Arch Enemy
Page 27
They made for the stairwell, staying low until they had cleared the heavy fire-resistant door. Morgan struggled to keep up as his longer-legged partner took four steps at a stride.
“We need to intercept them downstairs!” Morgan said. “Shepard, any word on the police response?”
Sound of a keyboard clattering. “Nine one one has been flooded with calls,” said Shepard. “They’re getting reports from all around the city. Explosions, shooters, all sorts of things.”
Morgan’s heart sank. “Are they simultaneous attacks? Hitting several targets at once?”
“No,” said Shepard. “I’m looking at Twitter and Facebook now. The Acevedo thing is the only one there with pictures and real reports. People at the other sites are saying that it’s a hoax.”
“Diversionary tactics,” said Morgan. “To keep responders away from here. Looks like we’re all there is. Is tactical at the ready?”

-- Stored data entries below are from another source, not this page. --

(* Let $\mathfrak{h}_3$ be the (real, 3-dimensional) Heisenberg Lie algebra and $\mathrm{ad}^*$ its coadjoint representation on the dual space $\mathfrak{h}_3^*$. Up to isometric Lie algebra isomorphism, every butterfly algebra is $\mathfrak{b}_6=\mathfrak{h}_3\oplus_{\mathrm{ad}^*}\mathfrak{h}_3^*$ with the bilinear form $$(X+X^*,\,Y+Y^* )=X^*(Y)+Y^*(X)$$ for $X,Y\in\mathfrak{h}_3$ and $X^*,Y^*\in\mathfrak{h}_3^*$.
   Context: A butterfly algebra is a real 2-step nilpotent Lie algebra of dimension $6$ endowed with a symmetric bilinear form $(\cdot,\cdot)$ that is invariant, i.e. $([X,Y],Z)=-(Y,[X,Z])$, such that some element of its commutator subalgebra is not in the radical $\{X\mid (X,\cdot)=0\}$ of the form. The semidirect sum $\mathfrak{h}_3\oplus_{\mathrm{ad}^*}\mathfrak{h}_3^*$ is the vector space $\mathfrak{h}_3\oplus\mathfrak{h}_3^*$ with bracket $[X+\xi,Y+\eta]=[X,Y]+\mathrm{ad}^*(X)\eta-\mathrm{ad}^*(Y)\xi$, where $\mathrm{ad}^*(X)\eta=-\eta\circ\mathrm{ad}(X)$, and $\mathfrak{h}_3^*$ is an abelian ideal. *)

From HB Require Import structures.
From mathcomp Require Import all_boot all_order all_algebra.
From mathcomp Require Import reals.
Set Implicit Arguments. Unset Strict Implicit. Unset Printing Implicit Defensive.
Import Order.TTheory GRing.Theory Num.Theory.
Local Open Scope ring_scope.

Section Abstract.
Variables (R : realType) (V : vectType R).

Definition lie_bracket (br : V -> V -> V) : Prop :=
  [/\ forall (a : R) x y z, br (a *: x + y) z = a *: br x z + br y z,
      forall (a : R) x y z, br x (a *: y + z) = a *: br x y + br x z,
      forall x, br x x = 0 &
      forall x y z, br x (br y z) + br y (br z x) + br z (br x y) = 0].

Definition two_step_nilpotent (br : V -> V -> V) : Prop :=
  (forall x y z, br (br x y) z = 0) /\ (exists x y, br x y != 0).

Definition sym_bilinear (B : V -> V -> R) : Prop :=
  (forall (a : R) x y z, B (a *: x + y) z = a * B x z + B y z) /\
  (forall x y, B x y = B y x).

Definition invariant_form (br : V -> V -> V) (B : V -> V -> R) : Prop :=
  forall x y z, B (br x y) z = - B y (br x z).

Definition in_commutator (br : V -> V -> V) (Z : V) : Prop :=
  exists (n : nat) (xs ys : 'I_n -> V), Z = \sum_(i < n) br (xs i) (ys i).

Definition in_radical (B : V -> V -> R) (Z : V) : Prop :=
  forall W, B Z W = 0.

Definition butterfly_algebra (br : V -> V -> V) (B : V -> V -> R) : Prop :=
  [/\ \dim (fullv : {vspace V}) = 6%N,
      lie_bracket br /\ two_step_nilpotent br,
      sym_bilinear B, invariant_form br B &
      exists Z, in_commutator br Z /\ ~ in_radical B Z].
End Abstract.

Section Model.
Variable R : realType.

(* h3 = R^3 with basis e_0,e_1,e_2 and [e_0,e_1] = e_2 *)
Definition h3 := 'rV[R]_3.
Definition h3br (x y : h3) : h3 :=
  \row_(j < 3) (if j == 2%N :> nat then x 0 0 * y 0 1 - x 0 1 * y 0 0 else 0).

(* h3^* represented by coordinates in the dual basis; pairing xi(Y) *)
Definition h3dual := 'rV[R]_3.
Definition dpair (xi : h3dual) (y : h3) : R := \sum_(i < 3) xi 0 i * y 0 i.

(* ad^*(X) eta = - eta o ad(X), in dual-basis coordinates:
   its j-th coordinate is (ad^*(X) eta)(e_j) = - eta([X, e_j]) *)
Definition adstar (x : h3) (eta : h3dual) : h3dual :=
  \row_(j < 3) (- dpair eta (h3br x (delta_mx 0 j))).

Definition b6 := (h3 * h3dual)%type.

Definition b6br (u v : b6) : b6 :=
  (h3br u.1 v.1, adstar u.1 v.2 - adstar v.1 u.2).

Definition b6form (u v : b6) : R := dpair u.2 v.1 + dpair v.2 u.1.
End Model.

Definition isometric_iso (R : realType) (V : vectType R)
    (br : V -> V -> V) (B : V -> V -> R) (phi : V -> b6 R) : Prop :=
  [/\ forall (a : R) x y, phi (a *: x + y) =
        (a *: (phi x).1 + (phi y).1, a *: (phi x).2 + (phi y).2),
      bijective phi,
      forall x y, phi (br x y) = b6br (phi x) (phi y) &
      forall x y, b6form (phi x) (phi y) = B x y].

From HB Require Import structures.
From mathcomp Require Import all_boot all_order all_algebra.
From mathcomp Require Import boolp reals ring lra.
Set Implicit Arguments. Unset Strict Implicit. Unset Printing Implicit Defensive.
Import Order.TTheory GRing.Theory Num.Theory.
Local Open Scope ring_scope.

(** Invariance and symmetry make T(x, y, z) := ([x, y], z) an alternating
    trilinear form, and since brackets of brackets vanish, T only sees V modulo
    the commutator ideal.  A commutator outside the radical yields a, b, c with
    T(a, b, c) = 1; correcting a, b, c by commutators (which are central and
    isotropic) makes span{a, b, c} isotropic without changing T(a, b, c).  Then
    (a, b, [a, b]) and ([b, c], [c, a], c) are dual isotropic triples, hence a
    basis of the 6-dimensional V, and in these coordinates the bracket and the
    form of V are exactly those of h3 (+)_{ad^*} h3^*. *)

Section Form.
Variables (R : realType) (V : vectType R) (B : V -> V -> R).
Hypothesis HB : sym_bilinear B.

Lemma formC x y : B x y = B y x. Proof. by case: HB. Qed.

Lemma formDl x y z : B (x + y) z = B x z + B y z.
Proof. by case: HB => H _; have := H 1 x y z; rewrite scale1r mul1r. Qed.

Lemma form0l z : B 0 z = 0.
Proof.
by have := formDl 0 0 z; rewrite addr0 => E; apply: (addrI (B 0 z)); rewrite -E addr0.
Qed.

Lemma formZl k x z : B (k *: x) z = k * B x z.
Proof. by case: HB => H _; rewrite -[k *: x]addr0 H form0l addr0. Qed.

Lemma formNl x z : B (- x) z = - B x z.
Proof. by rewrite -scaleN1r formZl mulN1r. Qed.

Lemma formDr x y z : B z (x + y) = B z x + B z y.
Proof. by rewrite formC formDl !(formC z). Qed.

Lemma formZr k x z : B z (k *: x) = k * B z x.
Proof. by rewrite formC formZl formC. Qed.

Lemma formNr x z : B z (- x) = - B z x.
Proof. by rewrite formC formNl formC. Qed.

Lemma form0r z : B z 0 = 0.
Proof. by rewrite formC form0l. Qed.

Lemma form_suml n (F : 'I_n -> V) z :
  B (\sum_(i < n) F i) z = \sum_(i < n) B (F i) z.
Proof. by apply: (big_morph (B^~ z)) => [x y|]; rewrite ?formDl ?form0l. Qed.

Section DualFamily.
Variables (n : nat) (X Y : n.-tuple V).
Hypothesis XY_dual : forall i j : 'I_n, B X`_i Y`_j = (i == j)%:R.

Lemma form_dual_sum (k : 'I_n -> R) (j : 'I_n) :
  B (\sum_(i < n) k i *: X`_i) Y`_j = k j.
Proof.
rewrite form_suml (bigD1 j) //= formZl XY_dual eqxx mulr1 big1 ?addr0 //.
by move=> i /negPf ij; rewrite formZl XY_dual ij mulr0.
Qed.

Lemma free_dual_family : free X.
Proof. by apply/freeP => k Xk j; rewrite -(form_dual_sum k) Xk form0l. Qed.

Lemma dual_family_expand :
  \dim (fullv : {vspace V}) = n -> forall x, x = \sum_(i < n) B x Y`_i *: X`_i.
Proof.
move=> dimV x.
have /eqP spanX : (<<X>> == fullv)%VS.
  rewrite eqEdim subvf dimV; move: free_dual_family => /eqnP ->.
  by rewrite size_tuple leqnn.
have /coord_span Ex : x \in <<X>>%VS by rewrite spanX memvf.
by rewrite {1}Ex; apply: eq_bigr => i _; rewrite [in RHS]Ex form_dual_sum.
Qed.

End DualFamily.
End Form.

Section Bracket.
Variables (R : realType) (V : vectType R) (br : V -> V -> V).
Hypothesis Hbr : lie_bracket br.

Lemma brDl x y z : br (x + y) z = br x z + br y z.
Proof. by case: Hbr => H _ _ _; have := H 1 x y z; rewrite !scale1r. Qed.

Lemma br0l z : br 0 z = 0.
Proof.
by have := brDl 0 0 z; rewrite addr0 => E; apply: (addrI (br 0 z)); rewrite -E addr0.
Qed.

Lemma brZl k x z : br (k *: x) z = k *: br x z.
Proof. by case: Hbr => H _ _ _; rewrite -[k *: x]addr0 H br0l addr0. Qed.

Lemma brNl x z : br (- x) z = - br x z.
Proof. by rewrite -scaleN1r brZl scaleN1r. Qed.

Lemma brDr x y z : br z (x + y) = br z x + br z y.
Proof. by case: Hbr => _ H _ _; have := H 1 z x y; rewrite !scale1r. Qed.

Lemma br0r z : br z 0 = 0.
Proof.
by have := brDr 0 0 z; rewrite addr0 => E; apply: (addrI (br z 0)); rewrite -E addr0.
Qed.

Lemma brZr k x z : br z (k *: x) = k *: br z x.
Proof. by case: Hbr => _ H _ _; rewrite -[k *: x]addr0 H br0r addr0. Qed.

Lemma brNr x z : br z (- x) = - br z x.
Proof. by rewrite -scaleN1r brZr scaleN1r. Qed.

Lemma brxx x : br x x = 0. Proof. by case: Hbr. Qed.

Lemma br_anticomm x y : br y x = - br x y.
Proof.
have := brxx (x + y); rewrite brDl !brDr !brxx add0r addr0 => /eqP.
by rewrite addr_eq0 => /eqP ->; rewrite opprK.
Qed.

End Bracket.

Section MetricLie.
Variables (R : realType) (V : vectType R) (br : V -> V -> V) (B : V -> V -> R).
Hypotheses (Hbr : lie_bracket br) (HB : sym_bilinear B).
Hypothesis Hinv : invariant_form br B.

Lemma form_br_swap x y z : B (br x y) z = - B (br x z) y.
Proof. by rewrite Hinv (formC HB). Qed.

Lemma form_br_self_r x y : B (br x y) y = 0.
Proof. have := form_br_swap x y y; lra. Qed.

Lemma form_br_self_l x y : B (br x y) x = 0.
Proof. by rewrite (br_anticomm Hbr) (formNl HB) form_br_self_r oppr0. Qed.

Lemma form_br_cycle x y z : B (br x y) z = B (br y z) x.
Proof.
rewrite form_br_swap (br_anticomm Hbr z) (formNl HB) opprK form_br_swap.
by rewrite (br_anticomm Hbr y) (formNl HB) opprK.
Qed.

Lemma commutator_nonradical_pairing Z :
  in_commutator br Z -> ~ in_radical B Z -> exists x y z, B (br x y) z = 1.
Proof.
move=> [n [xs [ys ->]]] /existsNP [w].
rewrite (form_suml HB) => /eqP sum_neq0.
have [i Ti] : exists i, B (br (xs i) (ys i)) w != 0.
  apply/existsP; apply: contraNT sum_neq0 => /existsPn vanish.
  by rewrite big1 // => i _; apply/eqP/negPn/vanish.
exists ((B (br (xs i) (ys i)) w)^-1 *: xs i), (ys i), w.
by rewrite (brZl Hbr) (formZl HB) mulVf.
Qed.

Section TwoStep.
Hypothesis Hnil : forall x y z, br (br x y) z = 0.

Lemma br_brr x y z : br z (br x y) = 0.
Proof. by rewrite (br_anticomm Hbr) Hnil oppr0. Qed.

Lemma form_br_br p q r s : B (br p q) (br r s) = 0.
Proof. by rewrite Hinv br_brr (form0r HB) oppr0. Qed.

Ltac bilin := rewrite ?(formDl HB, formDr HB, formZl HB, formZr HB, formNl HB,
  formNr HB, form0l HB, form0r HB).
Ltac brlin := rewrite ?(brDl Hbr, brDr Hbr, brZl Hbr, brZr Hbr, brNl Hbr,
  brNr Hbr, Hnil, br_brr, brxx Hbr, scaler0, addr0, add0r, oppr0).

(* Commutators are central and isotropic, so subtracting multiples of them
   keeps T(a, b, c) = 1 while killing the Gram matrix of span{a, b, c}. *)
Lemma isotropic_triple a0 b0 c0 : B (br a0 b0) c0 = 1 -> exists a b c,
  [/\ [/\ B a a = 0, B b b = 0 & B c c = 0],
      [/\ B a b = 0, B b c = 0 & B a c = 0] & B (br a b) c = 1].
Proof.
move=> Tabc; have Tbca : B (br b0 c0) a0 = 1 by rewrite -form_br_cycle.
have Tcab : B (br c0 a0) b0 = 1 by rewrite -form_br_cycle.
exists (a0 - (B a0 a0 / 2) *: br b0 c0),
  (b0 - (B b0 b0 / 2) *: br c0 a0 - B a0 b0 *: br b0 c0),
  (c0 - (B c0 c0 / 2) *: br a0 b0 - B a0 c0 *: br b0 c0 - B b0 c0 *: br c0 a0).
do !split; brlin; bilin;
  rewrite ?form_br_br ?[B _ (br _ _)](formC HB) ?form_br_self_l ?form_br_self_r
    ?Tabc ?Tbca ?Tcab ?(formC HB b0 a0) ?(formC HB c0 a0) ?(formC HB c0 b0);
  by field.
Qed.

Section Coordinates.
Hypothesis dimV : \dim (fullv : {vspace V}) = 6%N.
Variables a b c : V.
Hypotheses (Baa : B a a = 0) (Bbb : B b b = 0) (Bcc : B c c = 0).
Hypotheses (Bab : B a b = 0) (Bbc : B b c = 0) (Bac : B a c = 0).
Hypothesis Tabc : B (br a b) c = 1.

Let Bba : B b a = 0. Proof. by rewrite (formC HB). Qed.
Let Bcb : B c b = 0. Proof. by rewrite (formC HB). Qed.
Let Bca : B c a = 0. Proof. by rewrite (formC HB). Qed.
Let Tbca : B (br b c) a = 1. Proof. by rewrite -form_br_cycle. Qed.
Let Tcab : B (br c a) b = 1. Proof. by rewrite -form_br_cycle. Qed.

Ltac gram := rewrite ?form_br_br ?[B _ (br _ _)](formC HB) ?form_br_self_l
  ?form_br_self_r ?Tabc ?Tbca ?Tcab ?Baa ?Bbb ?Bcc ?Bab ?Bba ?Bbc ?Bcb ?Bac ?Bca.

Let X := in_tuple [:: a; b; br a b; br b c; br c a; c].
Let Y := in_tuple [:: br b c; br c a; c; a; b; br a b].

Lemma dual_basis (i j : 'I_6) : B X`_i Y`_j = (i == j)%:R.
Proof.
by case: i j => [[|[|[|[|[|[|i]]]]]] Hi] [[|[|[|[|[|[|j]]]]]] Hj] //=; gram.
Qed.

Lemma expand_coords x :
  x = B x (br b c) *: a + B x (br c a) *: b + B x c *: br a b
    + B x a *: br b c + B x b *: br c a + B x (br a b) *: c.
Proof.
rewrite {1}(dual_family_expand HB dual_basis dimV x).
by rewrite !big_ord_recl big_ord0 /= addr0 !addrA.
Qed.

Lemma coords_eq0 x : B x (br b c) = 0 -> B x (br c a) = 0 -> B x c = 0 ->
  B x a = 0 -> B x b = 0 -> B x (br a b) = 0 -> x = 0.
Proof.
move=> E0 E1 E2 E3 E4 E5.
by rewrite (expand_coords x) E0 E1 E2 E3 E4 E5 !scale0r !addr0.
Qed.

Lemma bracket_coords x y : br x y =
  (B x (br b c) * B y (br c a) - B x (br c a) * B y (br b c)) *: br a b +
  (B x (br c a) * B y (br a b) - B x (br a b) * B y (br c a)) *: br b c +
  (B x (br a b) * B y (br b c) - B x (br b c) * B y (br a b)) *: br c a.
Proof.
rewrite {1}(expand_coords x) {1}(expand_coords y); brlin.
rewrite (br_anticomm Hbr a b) (br_anticomm Hbr b c) (br_anticomm Hbr c a).
by apply/eqP; rewrite -subr_eq0; apply/eqP/coords_eq0; bilin; gram; ring.
Qed.

(* h3 is identified with span(a, b, [a, b]) and h3^* with span([b, c], [c, a], c),
   the dual basis under B; these are the coordinates of x in that basis. *)
Definition to_b6 (x : V) : b6 R :=
  (\row_(j < 3) [:: B x (br b c); B x (br c a); B x c]`_j,
   \row_(j < 3) [:: B x a; B x b; B x (br a b)]`_j).

Definition of_b6 (p : b6 R) : V :=
  p.1 0 0 *: a + p.1 0 1 *: b + p.1 0 2 *: br a b +
  p.2 0 0 *: br b c + p.2 0 1 *: br c a + p.2 0 2 *: c.

Lemma to_b6_linear k x y : to_b6 (k *: x + y) =
  (k *: (to_b6 x).1 + (to_b6 y).1, k *: (to_b6 x).2 + (to_b6 y).2).
Proof.
by congr pair; apply/rowP => -[[|[|[|j]]] Hj]; rewrite !mxE //=; bilin.
Qed.

Lemma to_b6K : cancel to_b6 of_b6.
Proof. by move=> x; rewrite /of_b6 !mxE /= [RHS]expand_coords. Qed.

Lemma of_b6K : cancel of_b6 to_b6.
Proof.
move=> [p1 p2]; congr pair; apply/rowP => -[[|[|[|j]]] Hj]; rewrite !mxE //=;
  rewrite /of_b6 /=; bilin; gram; rewrite ?(mulr0, mulr1, addr0, add0r);
  by congr (_ _ _); apply: val_inj.
Qed.

Lemma to_b6_form x y : b6form (to_b6 x) (to_b6 y) = B x y.
Proof.
rewrite /b6form /dpair /to_b6 !big_ord_recl !big_ord0 /= !mxE /=.
by rewrite [in RHS](expand_coords x) [in RHS](expand_coords y); bilin; gram; ring.
Qed.

Lemma to_b6_bracket x y : to_b6 (br x y) = b6br (to_b6 x) (to_b6 y).
Proof.
rewrite /b6br /h3br /adstar /dpair /to_b6.
congr pair; apply/rowP => -[[|[|[|j]]] Hj];
  rewrite !mxE //= ?big_ord_recl ?big_ord0 /= ?mxE /=;
  by rewrite bracket_coords; bilin; gram; ring.
Qed.

Lemma isometric_to_b6 : isometric_iso br B to_b6.
Proof.
split; [exact: to_b6_linear | | exact: to_b6_bracket | exact: to_b6_form].
by exists of_b6; [exact: to_b6K | exact: of_b6K].
Qed.

End Coordinates.
End TwoStep.
End MetricLie.

Theorem corollary5p5 (R : realType) (V : vectType R)
    (br : V -> V -> V) (B : V -> V -> R) :
  butterfly_algebra br B -> exists phi : V -> b6 R, isometric_iso br B phi.
Proof.
case=> dimV [Hbr [Hnil _]] HB Hinv [Z [Zcomm Znrad]].
have [x [y [z Txyz]]] := commutator_nonradical_pairing Hbr HB Zcomm Znrad.
have [a [b [c [[Baa Bbb Bcc] [Bab Bbc Bac] Tabc]]]] :=
  isotropic_triple Hbr HB Hinv Hnil Txyz.
exists (to_b6 br B a b c).
exact (isometric_to_b6 Hbr HB Hinv Hnil dimV Baa Bbb Bcc Bab Bbc Bac Tabc).
Qed.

“In the van,” said Bishop.
“Keep the motor running,” said Morgan. “We’ll cut the shooters off downstairs.”
Chapter 76
Morgan elbowed through the screaming crowd that funneled toward the front door of the Acevedo building, emerging from the suffocating throng into the cool outside air. He ran for his car, leaving Conley, who couldn’t get past the crowd, behind—there was no time to wait. He couldn’t resist a glance up at the broken window above at the distant corpses, dangling from ropes just over the enormous Acevedo sign that graced the building. It was gruesome, and it was meant to be.
Morgan jumped into the Olds and turned the key, starting the motor.
“Anyone have a visual on the getaway vehicle?”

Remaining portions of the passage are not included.